*** Block opens ***

(** Distinct non-isolated x, y: regularity at x for X \ {y} gives V; if every
    member of B through y met V, the point y would be isolated. *)
Lemma regular_hausdorff : hausdorff T.
Proof.
  intros x y Hxy.
  destruct (classic (isolated T x)) as [Ix|Nx]; [exact (isolated_separated x y Ix Hxy)|].
  destruct (classic (isolated T y)) as [Iy|Ny].
  { destruct (isolated_separated y x Iy (not_eq_sym Hxy)) as [U [V [HU [HV [Uy [Vx HUV]]]]]].
    exists V, U. split; [exact HV|]. split; [exact HU|]. split; [exact Vx|]. split; [exact Uy|].
    intros z [Vz Uz]. exact (HUV z (conj Uz Vz)). }
  destruct (base_regular x Nx _ (nbhd_compl_point x y Hxy)) as [V [HV [Vx [_ HE]]]].
  destruct (classic (exists W, B W /\ W y /\ ~ exists z, W z /\ V z))
    as [[W [BW [Wy HWV]]]|Hmeet].
  - exists V, W. split; [exact HV|]. split; [exact (base_open W BW)|].
    split; [exact Vx|]. split; [exact Wy|].
    intros z [Vz Wz]. apply HWV. exists z; auto.
  - exfalso. apply Ny. apply (isolated_of_finite_base B y (proj1 HB)).
    apply (finite_family_sub HE). intros W [BW Wy].
    split; [exact BW|]. split.
    + apply NNPP; intro Hn. apply Hmeet. exists W; auto.
    + intro Hs. exact (Hs y Wy eq_refl).
Qed.

(** B is an ortho-base: an infinite subfamily A whose intersection contains a
    non-isolated z has intersection {z} (by [pair_finite]) and is a
    neighbourhood base at z (by [protruding_finite]). *)
Lemma regular_ortho_base : ortho_base T B.
Proof.
  split; [exact (proj1 HB)|]. intros A HAB.
  destruct (classic (finite_family A)) as [Afin|Ainf].
  { left. apply open_finite_inter; [exact Afin|]. intros W HW. exact (base_open W (HAB W HW)). }
  destruct (classic (forall z, (forall W, A W -> W z) -> isolated T z)) as [Hiso|Hz].
  { left. apply open_of_local. intros z Iz. exists (fun y => y = z).
    split; [exact (Hiso z Iz)|]. split; [reflexivity| intros y ->; exact Iz]. }
  apply not_all_ex_not in Hz. destruct Hz as [z Hz].
  apply imply_to_and in Hz. destruct Hz as [Iz Nz].
  right. exists z. split; [exact Nz|]. split.
  - intro y; split; [|intros ->; exact Iz].
    intro Iy. apply NNPP; intro Hyz. apply Ainf.
    apply (finite_family_sub (pair_finite z y Nz Hyz)). intros W HW.
    split; [exact (HAB W HW)|]. split; [exact (Iz W HW)| exact (Iy W HW)].
  - split.
    + intros W HW. exact (open_nbhd z W (base_open W (HAB W HW)) (Iz W HW)).
    + intros U HU. apply NNPP; intro Hno. apply Ainf.
      apply (finite_family_sub (protruding_finite z U Nz HU)). intros W HW.
      split; [exact (HAB W HW)|]. split; [exact (Iz W HW)|].
      intro HWU. apply Hno. exists W; auto.
Qed.

Section Paracompact.
Variable C : (X -> Prop) -> Prop.
Hypothesis HC : open_cover T C.

Definition piece (W : X -> Prop) : Prop :=
  B W /\ (exists y, W y /\ ~ isolated T y) /\ exists U, C U /\ subset W U.

Definition maximal_piece (M : X -> Prop) : Prop :=
  piece M /\ forall M', piece M' -> subset M M' -> M' = M.

Definition pieces_finite_near (z : X) : Prop :=
  exists V, is_open T V /\ V z /\
    finite_family (fun M => maximal_piece M /\ exists w, M w /\ V w).

Definition trim (M : X -> Prop) : X -> Prop := fun y => M y /\ pieces_finite_near y.

Definition covered (z : X) : Prop := exists M, maximal_piece M /\ trim M z.

Definition refinement (W : X -> Prop) : Prop :=
  (exists M, maximal_piece M /\ W = trim M) \/
  (exists x, isolated T x /\ ~ covered x /\ W = (fun y => y = x)).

*** Block closes ***

** Work required **
For every entry above, give it back exactly as written.

** Output of the task **
(** Distinct non-isolated x, y: regularity at x for X \ {y} gives V; if every
    member of B through y met V, the point y would be isolated. *)
Lemma regular_hausdorff : hausdorff T.
Proof.
  intros x y Hxy.
  destruct (classic (isolated T x)) as [Ix|Nx]; [exact (isolated_separated x y Ix Hxy)|].
  destruct (classic (isolated T y)) as [Iy|Ny].
  { destruct (isolated_separated y x Iy (not_eq_sym Hxy)) as [U [V [HU [HV [Uy [Vx HUV]]]]]].
    exists V, U. split; [exact HV|]. split; [exact HU|]. split; [exact Vx|]. split; [exact Uy|].
    intros z [Vz Uz]. exact (HUV z (conj Uz Vz)). }
  destruct (base_regular x Nx _ (nbhd_compl_point x y Hxy)) as [V [HV [Vx [_ HE]]]].
  destruct (classic (exists W, B W /\ W y /\ ~ exists z, W z /\ V z))
    as [[W [BW [Wy HWV]]]|Hmeet].
  - exists V, W. split; [exact HV|]. split; [exact (base_open W BW)|].
    split; [exact Vx|]. split; [exact Wy|].
    intros z [Vz Wz]. apply HWV. exists z; auto.
  - exfalso. apply Ny. apply (isolated_of_finite_base B y (proj1 HB)).
    apply (finite_family_sub HE). intros W [BW Wy].
    split; [exact BW|]. split.
    + apply NNPP; intro Hn. apply Hmeet. exists W; auto.
    + intro Hs. exact (Hs y Wy eq_refl).
Qed.

(** B is an ortho-base: an infinite subfamily A whose intersection contains a
    non-isolated z has intersection {z} (by [pair_finite]) and is a
    neighbourhood base at z (by [protruding_finite]). *)
Lemma regular_ortho_base : ortho_base T B.
Proof.
  split; [exact (proj1 HB)|]. intros A HAB.
  destruct (classic (finite_family A)) as [Afin|Ainf].
  { left. apply open_finite_inter; [exact Afin|]. intros W HW. exact (base_open W (HAB W HW)). }
  destruct (classic (forall z, (forall W, A W -> W z) -> isolated T z)) as [Hiso|Hz].
  { left. apply open_of_local. intros z Iz. exists (fun y => y = z).
    split; [exact (Hiso z Iz)|]. split; [reflexivity| intros y ->; exact Iz]. }
  apply not_all_ex_not in Hz. destruct Hz as [z Hz].
  apply imply_to_and in Hz. destruct Hz as [Iz Nz].
  right. exists z. split; [exact Nz|]. split.
  - intro y; split; [|intros ->; exact Iz].
    intro Iy. apply NNPP; intro Hyz. apply Ainf.
    apply (finite_family_sub (pair_finite z y Nz Hyz)). intros W HW.
    split; [exact (HAB W HW)|]. split; [exact (Iz W HW)| exact (Iy W HW)].
  - split.
    + intros W HW. exact (open_nbhd z W (base_open W (HAB W HW)) (Iz W HW)).
    + intros U HU. apply NNPP; intro Hno. apply Ainf.
      apply (finite_family_sub (protruding_finite z U Nz HU)). intros W HW.
      split; [exact (HAB W HW)|]. split; [exact (Iz W HW)|].
      intro HWU. apply Hno. exists W; auto.
Qed.

Section Paracompact.
Variable C : (X -> Prop) -> Prop.
Hypothesis HC : open_cover T C.

Definition piece (W : X -> Prop) : Prop :=
  B W /\ (exists y, W y /\ ~ isolated T y) /\ exists U, C U /\ subset W U.

Definition maximal_piece (M : X -> Prop) : Prop :=
  piece M /\ forall M', piece M' -> subset M M' -> M' = M.

Definition pieces_finite_near (z : X) : Prop :=
  exists V, is_open T V /\ V z /\
    finite_family (fun M => maximal_piece M /\ exists w, M w /\ V w).

Definition trim (M : X -> Prop) : X -> Prop := fun y => M y /\ pieces_finite_near y.

Definition covered (z : X) : Prop := exists M, maximal_piece M /\ trim M z.

Definition refinement (W : X -> Prop) : Prop :=
  (exists M, maximal_piece M /\ W = trim M) \/
  (exists x, isolated T x /\ ~ covered x /\ W = (fun y => y = x)).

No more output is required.